* **Information supplied**
Lemma minimal_piece_absorbs x r :
  S x -> (forall y, S y -> d (T x) (T y) <= r) -> forall y, S y -> d (T x) y <= r.
Proof.
  intros Sx Hx.
  destruct HS as [_ [SE [S_adm TS]]].
  assert (r_ge0 : 0 <= r) by (rewrite <- (dist_self d Hd (T x)); exact (Hx x Sx)).
  assert (HY : invariant_piece (fun y => S y /\ d (T x) y <= r)).
  { split; [| split; [| split]].
    - exists (T x). split; [exact (TS x Sx) | rewrite (dist_self d Hd); exact r_ge0].
    - intros y [Sy _]. exact (SE y Sy).
    - apply admissible_in_inter; [exact S_adm |].
      apply (admissible_in_trace d E (inter_balls d (fun c s => c = T x /\ s = r))).
      + intros y _. split; [intros h; exact (h _ _ (conj eq_refl eq_refl)) |].
        intros h c s [-> ->]. exact h.
      + apply admissible_in_balls; [intros c s [_ ->]; exact r_ge0 |].
        intros c s [-> _]. exact (SE _ (TS x Sx)).
    - intros y [Sy _]. split; [exact (TS y Sy) | exact (Hx y Sy)]. }
  intros y Sy. exact (proj2 (Smin _ HY (fun y h => proj1 h) y Sy)).
Qed.

(* Normal structure gives a radius [r] below the diameter of the hull of [S]; the points of
   [S] within [r] of all of [S] form an invariant piece, which by minimality is all of [S]. *)
Lemma minimal_piece_singleton x y : S x -> S y -> x = y.
Proof.
  intros Sx Sy. apply NNPP. intros xy.
  destruct HS as [_ [SE [S_adm TS]]].
  set (X := fun w => A0 w /\ hull d (fun _ => True) S w).
  assert (SX : included S X).
  { intros w Sw. split; [exact (proj1 HE w (SE w Sw)) | exact (hull_subset d _ S w Sw I)]. }
  destruct (normal_structure_radius d X x y Hnormal) as [z [r [Xz [Hz [x' [y' [Xx' [Xy' Hr]]]]]]]];
    [ apply admissible_in_inter; [exact HA0 |];
      exact (admissible_hull d (fun _ => True) S)
    | exact (SX x Sx) | exact (SX y Sy) | exact xy |].
  assert (r_ge0 : 0 <= r) by (rewrite <- (dist_self d Hd z); exact (Hz z Xz)).
  set (balls := fun c s => S c /\ s = r).
  assert (S_small : included S (fun w => S w /\ inter_balls d balls w)).
  { apply Smin; [| intros w [Sw _]; exact Sw].
    split; [| split; [| split]].
    - destruct (proj2 HE (fun c s => hull_balls d E S c s \/ balls c s)) as [e [Ee He]].
      + intros c s [Hcs | [_ ->]]; [exact (ball_family_hull_balls d E S c s Hcs) | exact r_ge0].
      + intros c s [[Ec _] | [Sc _]]; [exact Ec | exact (SE c Sc)].
      + exists z. split; [exact (proj1 Xz) | apply inter_balls_or; split].
        * apply (hull_min d (fun _ => True) S (hull_balls d E S)); [| | exact (proj2 Xz)].
          -- intros c s Hcs. split; [exact I | exact (ball_family_hull_balls d E S c s Hcs)].
          -- intros s Ss _. exact (hull_subset d E S s Ss (SE s Ss)).
        * intros c s [Sc ->]. unfold cball. rewrite dist_sym by exact Hd. exact (Hz c (SX c Sc)).
      + apply inter_balls_or in He. destruct He as [He_hull He_balls].
        exists e. split; [exact (S_adm e Ee He_hull) | exact He_balls].
    - intros w [Sw _]. exact (SE w Sw).
    - apply admissible_in_inter; [exact S_adm |].
      apply admissible_in_balls; [intros c s [_ ->]; exact r_ge0 |].
      intros c s [Sc _]. exact (SE c Sc).
    - intros w [Sw Hw]. split; [exact (TS w Sw) |].
      intros c s [Sc ->]. unfold cball. rewrite dist_sym by exact Hd.
      apply (minimal_piece_absorbs w r Sw); [| exact Sc].
      intros v Sv. apply orbit_nonexpansive_le; [exact HT |].
      intros u Hu. rewrite dist_sym by exact Hd.
      exact (Hw u r (conj (orbit_included T S v u TS Sv Hu) eq_refl)). }
  assert (Hdiam : d x' y' <= r).
  { apply (hull_diameter_le d Hd S); [exact r_ge0 | | exact (proj2 Xx') | exact (proj2 Xy')].
    intros c s Sc Ss. exact (proj2 (S_small s Ss) c r (conj Sc eq_refl)). }
  lra.
Qed.

End MinimalPiece.

Lemma relative_retract_fixed_point : (exists e, E e) -> exists e, E e /\ T e = e.
Proof.
  intros Ene.
  destruct (zorn_minimal invariant_piece E) as [S [HS Smin]].
  - split; [exact Ene | split; [intros y h; exact h | split; [intros y Ey _; exact Ey | exact TE]]].
  - intros C HC Cne Hchain. exact (invariant_piece_bigcap C HC Cne Hchain).
  - destruct HS as [[s Ss] [SE [S_adm TS]]].
    exists s. split; [exact (SE s Ss) |].
    exact (minimal_piece_singleton S (conj (ex_intro _ s Ss) (conj SE (conj S_adm TS))) Smin
      (T s) s (TS s Ss) Ss).
Qed.

End FixedPoint.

* **Exercise aim**
Isolate each line of the listing above that includes "True". Copy it.

* **Exercise response**
  set (X := fun w => A0 w /\ hull d (fun _ => True) S w).
      exact (admissible_hull d (fun _ => True) S)
        * apply (hull_min d (fun _ => True) S (hull_balls d E S)); [| | exact (proj2 Xz)].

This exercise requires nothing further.